#### Records for the task
(* Let $A$ be a finite set and let $(v_{xy})$ be a Llull matrix on $A$ with CLC structure, and let $\xi$ be an admissible order for it (write $x <_\xi y$ when $x$ precedes $y$ in $\xi$). Then for all $x,y,z\in A$ with $x <_\xi y$ and $z\notin\{x,y\}$: $$v_{xz}\ge v_{yz},\qquad v_{zx}\le v_{zy},\qquad t_{xz}\ge t_{yz},\qquad t_{zx}\ge t_{zy}.$$
   Context: A Llull matrix on a finite set $A$ is an assignment to each ordered pair of distinct elements $x\neq y$ of $A$ of a number $v_{xy}\in[0,1]$ such that $v_{xy}+v_{yx}\le 1$. Its turnouts are $t_{xy}=v_{xy}+v_{yx}$ and its margins are $m_{xy}=v_{xy}-v_{yx}$. The matrix has CLC structure if there is a total order $\xi$ on $A$ (called an admissible order) such that, writing $x<_\xi y$ when $x$ precedes $y$ and $x'$ for the element immediately following $x$ in $\xi$ (when it exists): (i) $v_{xy}\ge v_{yx}$ whenever $x<_\xi y$; (ii) $v_{xz}=\max(v_{xy},v_{yz})$ whenever $x<_\xi y<_\xi z$; (iii) $v_{zx}=\min(v_{zy},v_{yx})$ whenever $x<_\xi y<_\xi z$; (iv) $0\le t_{xz}-t_{x'z}\le m_{xx'}$ whenever $x$ has an immediate successor $x'$ and $z\notin\{x,x'\}$. *)

From mathcomp Require Import all_boot all_order all_algebra.
Set Implicit Arguments. Unset Strict Implicit. Unset Printing Implicit Defensive.
Import Order.TTheory GRing.Theory Num.Theory.
Local Open Scope ring_scope.

(* A Llull matrix on a finite set A: values v x y for x <> y (values on the
   diagonal are irrelevant and never used). *)
Definition llull_matrix (R : realFieldType) (A : finType) (v : A -> A -> R) : Prop :=
  forall x y : A, x != y ->
    [/\ 0 <= v x y, v x y <= 1 & v x y + v y x <= 1].

Definition turnout (R : realFieldType) (A : finType) (v : A -> A -> R) (x y : A) : R :=
  v x y + v y x.
Definition margin (R : realFieldType) (A : finType) (v : A -> A -> R) (x y : A) : R :=
  v x y - v y x.

(* A total order xi on A is represented by the list of all elements of A in
   increasing order: uniq and containing every element. *)
Definition total_order_seq (A : finType) (xi : seq A) : Prop :=
  uniq xi /\ forall a : A, a \in xi.

Definition prec (A : finType) (xi : seq A) (x y : A) : bool :=
  (index x xi < index y xi)%N.

Definition succ_of (A : finType) (xi : seq A) (x x' : A) : bool :=
  (index x' xi == (index x xi).+1)%N.

Definition admissible_order (R : realFieldType) (A : finType)
    (v : A -> A -> R) (xi : seq A) : Prop :=
  [/\ total_order_seq xi,
      (forall x y, prec xi x y -> v y x <= v x y),
      (forall x y z, prec xi x y -> prec xi y z -> v x z = Num.max (v x y) (v y z)),
      (forall x y z, prec xi x y -> prec xi y z -> v z x = Num.min (v z y) (v y x))
    &
      (forall x x' z, succ_of xi x x' -> z != x -> z != x' ->
         0 <= turnout v x z - turnout v x' z /\
         turnout v x z - turnout v x' z <= margin v x x')].

Definition has_CLC (R : realFieldType) (A : finType) (v : A -> A -> R) : Prop :=
  exists xi : seq A, admissible_order v xi.

From mathcomp Require Import all_boot all_order all_algebra.
From mathcomp Require Import lra zify.
Set Implicit Arguments. Unset Strict Implicit. Unset Printing Implicit Defensive.
Import Order.TTheory GRing.Theory Num.Theory.
Local Open Scope ring_scope.

(* Fix z.  Each of v(., z), v(z, .) and t(., z) is monotone along xi on any
   stretch of consecutive elements avoiding z: conditions (ii) and (iii) when z
   lies on one side, condition (iv) for the turnout.  To step over z one
   compares its predecessor p and successor s directly: conditions (iv) for the
   pairs (p, z) and (z, s), with the third element as witness, squeeze
   t(p, s) = max(v(p, z), v(z, s)) + min(v(s, z), v(z, p)) between t(s, z) and
   t(p, z), and together with (i) this forces the three inequalities for p, s. *)

Lemma trans_chain_skip (T : Type) (r : rel T) (f : nat -> T) (c n : nat) :
  transitive r ->
  (forall k, (k.+1 < n)%N -> k != c -> k.+1 != c -> r (f k) (f k.+1)) ->
  (forall k, (k.+2 < n)%N -> k.+1 = c -> r (f k) (f k.+2)) ->
  forall i j, (i < j < n)%N -> i != c -> j != c -> r (f i) (f j).
Proof.
move=> r_trans step skip i; elim/ltn_ind=> [[//|j] IH /andP[ij jn] ic jc].
have [ji|ji] := eqVneq i j; first by subst j; apply: step.
have {}ij : (i < j)%N by move: ji => /eqP; lia.
have [jc'|jc'] := eqVneq j c; last first.
  by apply: r_trans (step j jn jc' jc); apply: IH; rewrite ?ij; lia.
case: j jc' ij IH jn jc {ji} => [//|j] jc' ij IH jn jc.
have [ji|ji] := eqVneq i j; first by subst j; apply: skip.
by apply: r_trans (skip j jn jc'); apply: IH; rewrite ?ji //; lia.
Qed.

Lemma prec_neq (A : finType) (xi : seq A) x y : prec xi x y -> x != y.
Proof. by apply: contraTneq => ->; rewrite /prec ltnn. Qed.

Lemma succ_prec (A : finType) (xi : seq A) x x' : succ_of xi x x' -> prec xi x x'.
Proof. by rewrite /succ_of /prec => /eqP ->. Qed.

Lemma turnoutC (R : realFieldType) (A : finType) (v : A -> A -> R) x y :
  turnout v x y = turnout v y x.
Proof. exact: addrC. Qed.

Section AdmissibleOrder.

Variables (R : realFieldType) (A : finType) (v : A -> A -> R) (xi : seq A).
Hypothesis adm : admissible_order v xi.

Lemma index_xi_eq x y : (index x xi == index y xi) = (x == y).
Proof.
have [[_ xi_total] _ _ _ _] := adm.
by apply/eqP/eqP=> [|-> //]; apply: index_inj; rewrite ?xi_total.
Qed.

Lemma succ_avoid_prec a a' z : succ_of xi a a' -> z != a -> z != a' ->
  prec xi z a || prec xi a' z.
Proof.
rewrite /succ_of /prec -!index_xi_eq => /eqP aa' za za'.
by move: za za'; rewrite aa'; lia.
Qed.

Lemma v_mono_succ a a' z : succ_of xi a a' -> z != a -> z != a' ->
  v a' z <= v a z /\ v z a <= v z a'.
Proof.
move=> aa' za za'; have [_ _ v_max v_min _] := adm.
have aa'_prec := succ_prec aa'.
case/orP: (succ_avoid_prec aa' za za') => [z_a | a'_z].
  rewrite (v_max _ _ _ z_a aa'_prec) (v_min _ _ _ z_a aa'_prec).
  by rewrite ge_min le_max !lexx !orbT.
rewrite (v_max _ _ _ aa'_prec a'_z) (v_min _ _ _ aa'_prec a'_z).
by rewrite ge_min le_max !lexx !orbT.
Qed.

Lemma turnout_mono_succ a a' z : succ_of xi a a' -> z != a -> z != a' ->
  turnout v a' z <= turnout v a z.
Proof.
move=> aa' za za'; have [_ _ _ _ cond_iv] := adm.
by have [+ _] := cond_iv _ _ _ aa' za za'; rewrite subr_ge0.
Qed.

Lemma mono_across p z s : succ_of xi p z -> succ_of xi z s ->
  [/\ v s z <= v p z, v z p <= v z s & turnout v s z <= turnout v p z].
Proof.
move=> pz zs; have [_ v_ge v_max v_min cond_iv] := adm.
have [pz_prec zs_prec] := (succ_prec pz, succ_prec zs).
have ps_prec : prec xi p s by apply: ltn_trans zs_prec.
have [ps pz_neq] := (prec_neq ps_prec, prec_neq pz_prec).
have [sp sz] : s != p /\ s != z by rewrite eq_sym ps eq_sym (prec_neq zs_prec).
have [iv_pz iv_pz'] := cond_iv _ _ _ pz sp sz.
have [iv_zs iv_zs'] := cond_iv _ _ _ zs pz_neq ps.
move: iv_pz iv_pz' iv_zs iv_zs' (v_ge _ _ pz_prec) (v_ge _ _ zs_prec).
rewrite /turnout /margin (v_max _ _ _ pz_prec zs_prec) (v_min _ _ _ pz_prec zs_prec).
case: (leP (v p z) (v z s)); case: (leP (v s z) (v z p)) => *; split; lra.
Qed.

Lemma mono_along (T : Type) (r : rel T) (F : A -> T) z :
  transitive r ->
  (forall a a', succ_of xi a a' -> z != a -> z != a' -> r (F a) (F a')) ->
  (forall p s, succ_of xi p z -> succ_of xi z s -> r (F p) (F s)) ->
  forall x y, prec xi x y -> z != x -> z != y -> r (F x) (F y).
Proof.
move=> r_trans step skip x y xy zx zy.
have [[xi_uniq xi_total] _ _ _ _] := adm.
pose e k := nth z xi k.
have index_e k : (k < size xi)%N -> index (e k) xi = k by move/index_uniq; apply.
have e_neq k : (k < size xi)%N -> k != index z xi -> z != e k.
  by move=> k_lt; apply: contraNneq => ->; rewrite index_e.
have succ_e k : (k.+1 < size xi)%N -> succ_of xi (e k) (e k.+1).
  by move=> k_lt; rewrite /succ_of !index_e // ltnW.
have e_index a : e (index a xi) = a by rewrite /e nth_index ?xi_total.
rewrite -[x]e_index -[y]e_index.
apply: (trans_chain_skip (f := F \o e) (c := index z xi) (n := size xi) r_trans) => /=.
- move=> k k_lt kz k1z; apply: step; first exact: succ_e.
    by apply: e_neq => //; apply: ltnW.
  by apply: e_neq.
- move=> k k_lt k1z; have ez : e k.+1 = z by rewrite k1z e_index.
  by apply: skip; rewrite -ez; apply: succ_e => //; apply: ltnW.
- by apply/andP; split; [exact: xy | rewrite index_mem].
- by rewrite index_xi_eq eq_sym.
- by rewrite index_xi_eq eq_sym.
Qed.

End AdmissibleOrder.

Theorem lemma3p2 (R : realFieldType) (A : finType) (v : A -> A -> R) (xi : seq A) :
  llull_matrix v -> admissible_order v xi ->
  forall x y z : A, prec xi x y -> z != x -> z != y ->
    [/\ v y z <= v x z, v z x <= v z y,
        turnout v y z <= turnout v x z & turnout v z y <= turnout v z x].
Proof.
move=> _ adm x y z xy zx zy.
have v_left : v y z <= v x z.
  apply: (mono_along adm (r := >=%R) (F := v^~ z) ge_trans) xy zx zy.
    by move=> a a' aa' za za'; have [] := v_mono_succ adm aa' za za'.
  by move=> p s pz zs; have [] := mono_across adm pz zs.
have v_right : v z x <= v z y.
  apply: (mono_along adm (r := <=%R) (F := v z) le_trans) xy zx zy.
    by move=> a a' aa' za za'; have [] := v_mono_succ adm aa' za za'.
  by move=> p s pz zs; have [] := mono_across adm pz zs.
have t_left : turnout v y z <= turnout v x z.
  apply: (mono_along adm (r := >=%R) (F := turnout v^~ z) ge_trans) xy zx zy.
    by move=> a a' aa' za za'; apply: (turnout_mono_succ adm aa').
  by move=> p s pz zs; have [] := mono_across adm pz zs.
by split; rewrite // ![turnout v z _]turnoutC.
Qed.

#### Problem details
Check every line of the data for the string "subst". Give the number of lines that have it, and only that.

#### Response to the exercise
2